▸ **Problem description**
Could you write out all of the data again, word for word?

(Beginning of Provided records)

(* Rewrite [a X + b W] along each spanning tree of the triangle [0, X, W]. *)
Lemma pB_norm_pair_le (X W : Y) a b kx ky kxy :
  rpow (pB_norm Y X) p <= kx -> rpow (pB_norm Y W) p <= ky ->
  rpow (pB_norm Y (minus X W)) p <= kxy ->
  rpow (pB_norm Y (plus (scal a X) (scal b W))) p <= triangle_tree_cost p kx ky kxy a b.
Proof.
  intros HX HW HXW.
  pose proof (rpow_ge0 (Rabs (a + b)) p); pose proof (rpow_ge0 (Rabs a) p);
    pose proof (rpow_ge0 (Rabs b) p).
  assert (Hsum : forall (u v : Y) c e ku kv,
    rpow (pB_norm Y u) p <= ku -> rpow (pB_norm Y v) p <= kv ->
    rpow (pB_norm Y (plus (scal c u) (scal e v))) p
      <= ku * rpow (Rabs c) p + kv * rpow (Rabs e) p).
  { intros u v c e ku kv Hu Hv; eapply Rle_trans; [apply pB_norm_ptri |].
    rewrite !pB_rpow_norm_scal.
    pose proof (rpow_ge0 (Rabs c) p); pose proof (rpow_ge0 (Rabs e) p).
    apply Rplus_le_compat; [rewrite (Rmult_comm ku) | rewrite (Rmult_comm kv)];
      apply Rmult_le_compat_l; assumption. }
  apply Rmin_glb; [| apply Rmin_glb].
  - rewrite scal_plus_scal_r; apply Hsum; assumption.
  - rewrite scal_plus_scal_l, <- (Rabs_Ropp b); apply Hsum; assumption.
  - apply Hsum; assumption.
Qed.

End PBanachPair.

Lemma Fp_norm_sub3_rpow p d ax ay : 0 < p < 1 -> is_pmetric p d ->
  rpow (Fp_norm p (d3 d) s3_0 ((ax, s3_x) :: (ay, s3_y) :: nil)) p
  = triangle_tree_cost p (rpow (d Px P0) p) (rpow (d Py P0) p) (rpow (d Px Py) p) ax ay.
Proof.
  intros Hp hd.
  set (kx := rpow (d Px P0) p); set (ky := rpow (d Py P0) p); set (kxy := rpow (d Px Py) p).
  assert (Hkx : 0 < kx) by (apply (pmetric_rpow_pos p d); [exact hd | discriminate]).
  assert (Hky : 0 < ky) by (apply (pmetric_rpow_pos p d); [exact hd | discriminate]).
  assert (Hkxy : 0 < kxy) by (apply (pmetric_rpow_pos p d); [exact hd | discriminate]).
  set (M := triangle_tree_cost p kx ky kxy ax ay).
  assert (HM : 0 <= M).
  { unfold M; rewrite <- (tri_mincost_pair p kx ky kxy); apply tri_mincost_ge0; lra. }
  unfold Fp_norm; rewrite (Lub_Rbar_max _ (rpow M (1 / p))); [apply rpow_inv_rpow; lra | |].
  - exists (tri_pBanach p kx ky kxy Hp Hkx Hky Hkxy), tri_embed.
    split; [reflexivity | split; [apply tri_embed_lipschitz; assumption |]].
    change (rpow M (1 / p) = rpow (tri_mincost p kx ky kxy
      ((ax * 1 + (ay * 0 + 0), ax * 0 + (ay * 1 + 0)) : R * R)) (1 / p)).
    unfold M; rewrite <- tri_mincost_pair; do 3 f_equal; ring.
  - intros r (Y & f & Hf0 & Hlip & ->); cbn [vsum List.map fst snd]; rewrite plus_zero_r.
    apply (rpow_le_reg _ _ p); [lra | apply rpow_ge0 |].
    rewrite rpow_inv_rpow by lra.
    assert (Hbound : forall u v, rpow (pB_norm Y (minus (f u) (f v))) p <= rpow (d3 d u v) p)
      by (intros u v; apply rpow_le; [lra | split; [apply pB_norm_ge0 | apply Hlip]]).
    pose proof (Hbound s3_x s3_0) as Hx; pose proof (Hbound s3_y s3_0) as Hy.
    rewrite Hf0, (@minus_zero_r (ModuleSpace.AbelianGroup _ (pB_space p Y))) in Hx, Hy.
    apply pB_norm_pair_le; [assumption | assumption | apply Hbound].
Qed.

(End of Provided records)

▸ **Answer to the problem**
(* Rewrite [a X + b W] along each spanning tree of the triangle [0, X, W]. *)
Lemma pB_norm_pair_le (X W : Y) a b kx ky kxy :
  rpow (pB_norm Y X) p <= kx -> rpow (pB_norm Y W) p <= ky ->
  rpow (pB_norm Y (minus X W)) p <= kxy ->
  rpow (pB_norm Y (plus (scal a X) (scal b W))) p <= triangle_tree_cost p kx ky kxy a b.
Proof.
  intros HX HW HXW.
  pose proof (rpow_ge0 (Rabs (a + b)) p); pose proof (rpow_ge0 (Rabs a) p);
    pose proof (rpow_ge0 (Rabs b) p).
  assert (Hsum : forall (u v : Y) c e ku kv,
    rpow (pB_norm Y u) p <= ku -> rpow (pB_norm Y v) p <= kv ->
    rpow (pB_norm Y (plus (scal c u) (scal e v))) p
      <= ku * rpow (Rabs c) p + kv * rpow (Rabs e) p).
  { intros u v c e ku kv Hu Hv; eapply Rle_trans; [apply pB_norm_ptri |].
    rewrite !pB_rpow_norm_scal.
    pose proof (rpow_ge0 (Rabs c) p); pose proof (rpow_ge0 (Rabs e) p).
    apply Rplus_le_compat; [rewrite (Rmult_comm ku) | rewrite (Rmult_comm kv)];
      apply Rmult_le_compat_l; assumption. }
  apply Rmin_glb; [| apply Rmin_glb].
  - rewrite scal_plus_scal_r; apply Hsum; assumption.
  - rewrite scal_plus_scal_l, <- (Rabs_Ropp b); apply Hsum; assumption.
  - apply Hsum; assumption.
Qed.

End PBanachPair.

Lemma Fp_norm_sub3_rpow p d ax ay : 0 < p < 1 -> is_pmetric p d ->
  rpow (Fp_norm p (d3 d) s3_0 ((ax, s3_x) :: (ay, s3_y) :: nil)) p
  = triangle_tree_cost p (rpow (d Px P0) p) (rpow (d Py P0) p) (rpow (d Px Py) p) ax ay.
Proof.
  intros Hp hd.
  set (kx := rpow (d Px P0) p); set (ky := rpow (d Py P0) p); set (kxy := rpow (d Px Py) p).
  assert (Hkx : 0 < kx) by (apply (pmetric_rpow_pos p d); [exact hd | discriminate]).
  assert (Hky : 0 < ky) by (apply (pmetric_rpow_pos p d); [exact hd | discriminate]).
  assert (Hkxy : 0 < kxy) by (apply (pmetric_rpow_pos p d); [exact hd | discriminate]).
  set (M := triangle_tree_cost p kx ky kxy ax ay).
  assert (HM : 0 <= M).
  { unfold M; rewrite <- (tri_mincost_pair p kx ky kxy); apply tri_mincost_ge0; lra. }
  unfold Fp_norm; rewrite (Lub_Rbar_max _ (rpow M (1 / p))); [apply rpow_inv_rpow; lra | |].
  - exists (tri_pBanach p kx ky kxy Hp Hkx Hky Hkxy), tri_embed.
    split; [reflexivity | split; [apply tri_embed_lipschitz; assumption |]].
    change (rpow M (1 / p) = rpow (tri_mincost p kx ky kxy
      ((ax * 1 + (ay * 0 + 0), ax * 0 + (ay * 1 + 0)) : R * R)) (1 / p)).
    unfold M; rewrite <- tri_mincost_pair; do 3 f_equal; ring.
  - intros r (Y & f & Hf0 & Hlip & ->); cbn [vsum List.map fst snd]; rewrite plus_zero_r.
    apply (rpow_le_reg _ _ p); [lra | apply rpow_ge0 |].
    rewrite rpow_inv_rpow by lra.
    assert (Hbound : forall u v, rpow (pB_norm Y (minus (f u) (f v))) p <= rpow (d3 d u v) p)
      by (intros u v; apply rpow_le; [lra | split; [apply pB_norm_ge0 | apply Hlip]]).
    pose proof (Hbound s3_x s3_0) as Hx; pose proof (Hbound s3_y s3_0) as Hy.
    rewrite Hf0, (@minus_zero_r (ModuleSpace.AbelianGroup _ (pB_space p Y))) in Hx, Hy.
    apply pB_norm_pair_le; [assumption | assumption | apply Hbound].
Qed.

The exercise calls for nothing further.